» **EXERCISE**: With the line that contains "(fun _ => @segment_compact R (-1) 1)." as the final line, return every line from the start of the data below exactly.

**** RECORDS PROVIDED

Definition spheres := [set v : 'rV[R]_(m + n) |
  sqnorm (xpart v) = 1 /\ sqnorm (ypart v) = 1].

Lemma compact_spheres : compact spheres.
Proof.
have spheres_closed : closed spheres.
  have -> : spheres = (fun v => sqnorm (xpart v)) @^-1` [set 1] `&`
                      (fun v => sqnorm (ypart v)) @^-1` [set 1] by [].
  apply: closedI; apply: preimage_closed; rewrite ?closed_eq //.
    by move=> v _; exact: continuous_sqnorm_xpart.
  by move=> v _; exact: continuous_sqnorm_ypart.
have box_compact := @rV_compact R (m + n) (fun _ => `[-1, 1]%classic)
  (fun _ => @segment_compact R (-1) 1).
apply: (subclosed_compact spheres_closed box_compact).
move=> v [x1 y1] k /=; rewrite -(splitK k) in_itv /=.
by case: (fintype.split k) => p;
  [exact: sqnorm1_coord_bound x1 | exact: sqnorm1_coord_bound y1].
Qed.

Lemma bqf_max_exists : (0 < m)%N -> (0 < n)%N -> exists x0 y0,
  sqnorm x0 = 1 /\ sqnorm y0 = 1 /\
  forall x y, sqnorm x = 1 -> sqnorm y = 1 -> bqf A x y <= bqf A x0 y0.
Proof.
move=> m_gt0 n_gt0.
have spheres_neq0 : spheres !=set0.
  exists (row_mx (\row_i basisf R (Ordinal m_gt0) i)
                 (\row_j basisf R (Ordinal n_gt0) j)).
  by rewrite /spheres /= xpart_row_mx ypart_row_mx !sqnorm_basisf.
have [v] := EVT_max_rV spheres_neq0 compact_spheres
  (continuous_subspaceT continuous_bqf).
rewrite inE => -[x1 y1] v_max.
exists (xpart v), (ypart v); do 2 split => //; move=> x y x1' y1'.
have := v_max (row_mx (\row_i x i) (\row_j y j)); rewrite xpart_row_mx ypart_row_mx.
by apply; rewrite inE /spheres /= xpart_row_mx ypart_row_mx.
Qed.

End Maximizer.

Section NonnegativeTensor.
Variables (R : realType) (m n : nat) (A : biquad R m n).
Hypothesis A_ge0 : nonneg_bq A.

Lemma bqf_max_Splus_exists : (0 < m)%N -> (0 < n)%N -> exists x y,
  Splus x /\ Splus y /\
  forall x' y', sqnorm x' = 1 -> sqnorm y' = 1 -> bqf A x' y' <= bqf A x y.
Proof.
move=> m_gt0 n_gt0; have [x [y [x1 [y1 xy_max]]]] := bqf_max_exists A m_gt0 n_gt0.
exists (absf x), (absf y); split; first exact: Splus_absf.
split; first exact: Splus_absf.
move=> x' y' x1' y1'; apply: le_trans (xy_max _ _ x1' y1') _.
exact: le_trans (ler_norm _) (bqf_abs_le _ _ A_ge0).
Qed.

Lemma M_eigenvalue_abs_le lam mu :
  (forall x y, sqnorm x = 1 -> sqnorm y = 1 -> bqf A x y <= lam) ->
  is_M_eigenvalue A mu -> `|mu| <= lam.
Proof.
move=> le_lam [x [y [x1 [y1 [gE _]]]]]; rewrite (M_eigenvalue_bqf x1 gE).
apply: le_trans (bqf_abs_le _ _ A_ge0) _.
by apply: le_lam; rewrite sqnorm_abs.
Qed.

End NonnegativeTensor.

Theorem theorem5p1 (R : realType) (m n : nat) (A : biquad R m n) :
  (2 <= m)%N -> (2 <= n)%N -> nonneg_bq A ->
  rho_star A = lambda_max A /\ lambda_max A = rho_M A /\
  (exists (x : 'I_m -> R) (y : 'I_n -> R),
      Splus x /\ Splus y /\ vfun A x y = rho_star A).
Proof.
move=> m_ge2 n_ge2 A_ge0.
have [x [y [Sx [Sy xy_max]]]] :=
  bqf_max_Splus_exists A_ge0 (ltnW m_ge2) (ltnW n_ge2).
set lam := bqf A x y in xy_max.
have le_lam := bqf_le_sqnorm xy_max.
have gE := bqf_max_gvec le_lam Sx.2 Sy.2 erefl.
have hE := bqf_max_hvec le_lam Sx.2 Sy.2 erefl.
have lam_eig : is_M_eigenvalue A lam.
  by case: Sx Sy => _ x1 [_ y1]; exists x, y.
have eig_le mu : is_M_eigenvalue A mu -> `|mu| <= lam :=
  M_eigenvalue_abs_le A_ge0 xy_max.
have lmax : lambda_max A = lam.
  by apply: sup_eq_greatest lam_eig _ => mu /eig_le; apply: le_trans; exact: ler_norm.
have rhoM : rho_M A = lam.
  apply: sup_eq_greatest => [|_ [mu /eig_le le_mu <-] //].
  by exists lam => //; rewrite ger0_norm // (le_trans _ (eig_le _ lam_eig)).
have rho_s : rho_star A = lam.
  apply: sup_eq_greatest => [|_ [x' [y' [Sx' [Sy' ->]]]]].
    by exists x, y; rewrite (vfun_M_eigenpair Sx gE hE).
  exact: le_trans (vfun_le_bqf A_ge0 Sx' Sy') (xy_max _ _ Sx'.2 Sy'.2).
rewrite rho_s lmax rhoM; do 2 split => //.
by exists x, y; rewrite (vfun_M_eigenpair Sx gE hE).
Qed.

********

» **RESPONSE TO THIS TASK**:
Definition spheres := [set v : 'rV[R]_(m + n) |
  sqnorm (xpart v) = 1 /\ sqnorm (ypart v) = 1].

Lemma compact_spheres : compact spheres.
Proof.
have spheres_closed : closed spheres.
  have -> : spheres = (fun v => sqnorm (xpart v)) @^-1` [set 1] `&`
                      (fun v => sqnorm (ypart v)) @^-1` [set 1] by [].
  apply: closedI; apply: preimage_closed; rewrite ?closed_eq //.
    by move=> v _; exact: continuous_sqnorm_xpart.
  by move=> v _; exact: continuous_sqnorm_ypart.
have box_compact := @rV_compact R (m + n) (fun _ => `[-1, 1]%classic)
  (fun _ => @segment_compact R (-1) 1).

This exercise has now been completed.